Like, what if we really don’t have enough toilet paper? What if Taco Bell is the only option for fast food in the near future (shout out to you Demolition Man), and I still don’t have extra toilet paper? This could be catastrophic. Fear is starting to cloud my vision, along with a strong desire for a Mexican pizza (with extra napkins). It’s at this time that I am really wishing Demolition Man had explained the 3 seashells. I mean it honestly makes sense if all future restaurants are Taco Bell, there would be no trees left, but I digress.

So, I eventually packed my butt in the car (now known as the disease-mobile) and headed to the testing center. When I got there, the tent was being packed away, but there was a table set up outside with some nurses. They had me fill out a questionnaire asking about key reasons for testing, reviewed it and brought me inside to the testing area (Some call it the main waiting room).

It was at this time, a very kind nurse pulled out a swab roughly the size of a toilet brush and proceeded to stuff it up nose until it pretty much hit my brain. At least she apologized during the non-op frontal lobotomy, but hey…

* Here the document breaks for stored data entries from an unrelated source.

Lemma lam1g x : lam 1 x = x.
Proof. by rewrite /blam invg1 mul1g circ1g. Qed.

Lemma lam_circ a b x : lam (circ a b) x = lam a (lam b x).
Proof.
rewrite [lam b x]/blam (lamM a) (morphV_mul (lamM a)) /blam circA invMg invgK.
by rewrite !mulgA mulgK.
Qed.

Lemma lam_p_elt pi a x : pi.-elt x -> pi.-elt (lam a x).
Proof.
move=> pi_x; apply: (p_elt_of_expg pi_x).
by rewrite -(morphX_mul (lamM a)) expg_order (morph1_mul (lamM a)).
Qed.

Definition circ_pow a n := iter n (circ a) 1.

Lemma lam_circ_pow a n x : lam (circ_pow a n) x = iter n (lam a) x.
Proof. by elim: n => [|n IHn] /=; rewrite ?lam1g // lam_circ IHn. Qed.

(* S is closed under the circle operation; as S is finite it is then a
   subgroup of (A,o) when it contains 0. *)
Definition circ_closed (S : {set gT}) :=
  forall x y, x \in S -> y \in S -> circ x y \in S.

Definition circ_perm a : {perm gT} := perm (@circ_inj a).

Lemma circ_permM a b : circ_perm a * circ_perm b = circ_perm (circ b a).
Proof. by apply/permP => x; rewrite permM !permE circA. Qed.

Lemma circ_permX a n : circ_perm a ^+ n = circ_perm (circ_pow a n).
Proof.
elim: n => [|n IHn]; last by rewrite expgSr IHn circ_permM.
by apply/permP => x; rewrite perm1 permE /= circ1g.
Qed.

Lemma circ_pow_card S a : circ_closed S -> a \in S -> circ_pow a #|S| = 1.
Proof.
move=> circS Sa.
have gsS : group_set (circ_perm @: S).
  apply/group_setP; split.
    by apply/imsetP; exists 1 => //; apply/permP => x; rewrite perm1 permE circ1g.
  move=> _ _ /imsetP[x Sx ->] /imsetP[y Sy ->]; rewrite circ_permM.
  by apply: imset_f; apply: circS.
have cardS : #|Group gsS| = #|S|.
  apply: card_imset => x y /(congr1 (fun s : {perm gT} => s 1)).
  by rewrite !permE !circg1.
have := expg_cardG (imset_f circ_perm Sa : circ_perm a \in Group gsS).
rewrite cardS circ_permX => /(congr1 (fun s : {perm gT} => s 1)).
by rewrite permE perm1 circg1.
Qed.

Lemma circ_closedT : circ_closed [set: gT].
Proof. by move=> x y _ _; apply: in_setT. Qed.

Definition lam_perm a : {perm gT} := perm (@lam_inj a).

Lemma lam_permM a b : lam_perm a * lam_perm b = lam_perm (circ b a).
Proof. by apply/permP => x; rewrite permM !permE lam_circ. Qed.

Lemma lam_perm1 : lam_perm 1 = 1.
Proof. by apply/permP => x; rewrite perm1 permE lam1g. Qed.

Lemma lam_permX a n : lam_perm a ^+ n = lam_perm (circ_pow a n).
Proof. by elim: n => [|n IHn]; rewrite ?lam_perm1 // expgSr IHn lam_permM. Qed.

Lemma lam_perm_group_set S : circ_closed S -> group_set (lam_perm @: S).
Proof.
move=> circS; apply/group_setP; split; first by rewrite -lam_perm1 imset_f.
move=> _ _ /imsetP[x Sx ->] /imsetP[y Sy ->].
by rewrite lam_permM imset_f ?circS.
Qed.

Definition lam_group S (circS : circ_closed S) := Group (lam_perm_group_set circS).

Lemma orbit_lam_group S (circS : circ_closed S) y :
  orbit 'P (lam_group circS) y = [set lam a y | a in S].
Proof. by rewrite /orbit -imset_comp; apply: eq_imset => a; rewrite /= apermE permE. Qed.

Lemma theta_inj a b : injective (fun x => lam b x ^ a).
Proof. by move=> x y /conjg_inj /lam_inj. Qed.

I was told that testing would take 3-5 days as they still had to ship the samples to California, given a lovely paper on how I was not allowed around anyone, not even my pets. Great I thought, that sample goes right back to the state that likely got me in to this mess. Oh well. I headed back to the disease-mobile and proceeded to drive my self home once my eyes uncrossed from the swabbing.

I have now self-isolated and taken over our bedroom and bathroom. My wife and pets have moved out of the room and left me do lanquish with only my 32″ TV, steaming services, computers, phone and hand-delivered meals to keep me company. First world problems, right? As in intorvert though, I have trained for this my whole life, so I think I will be OK.

I will continue with future updates very soon.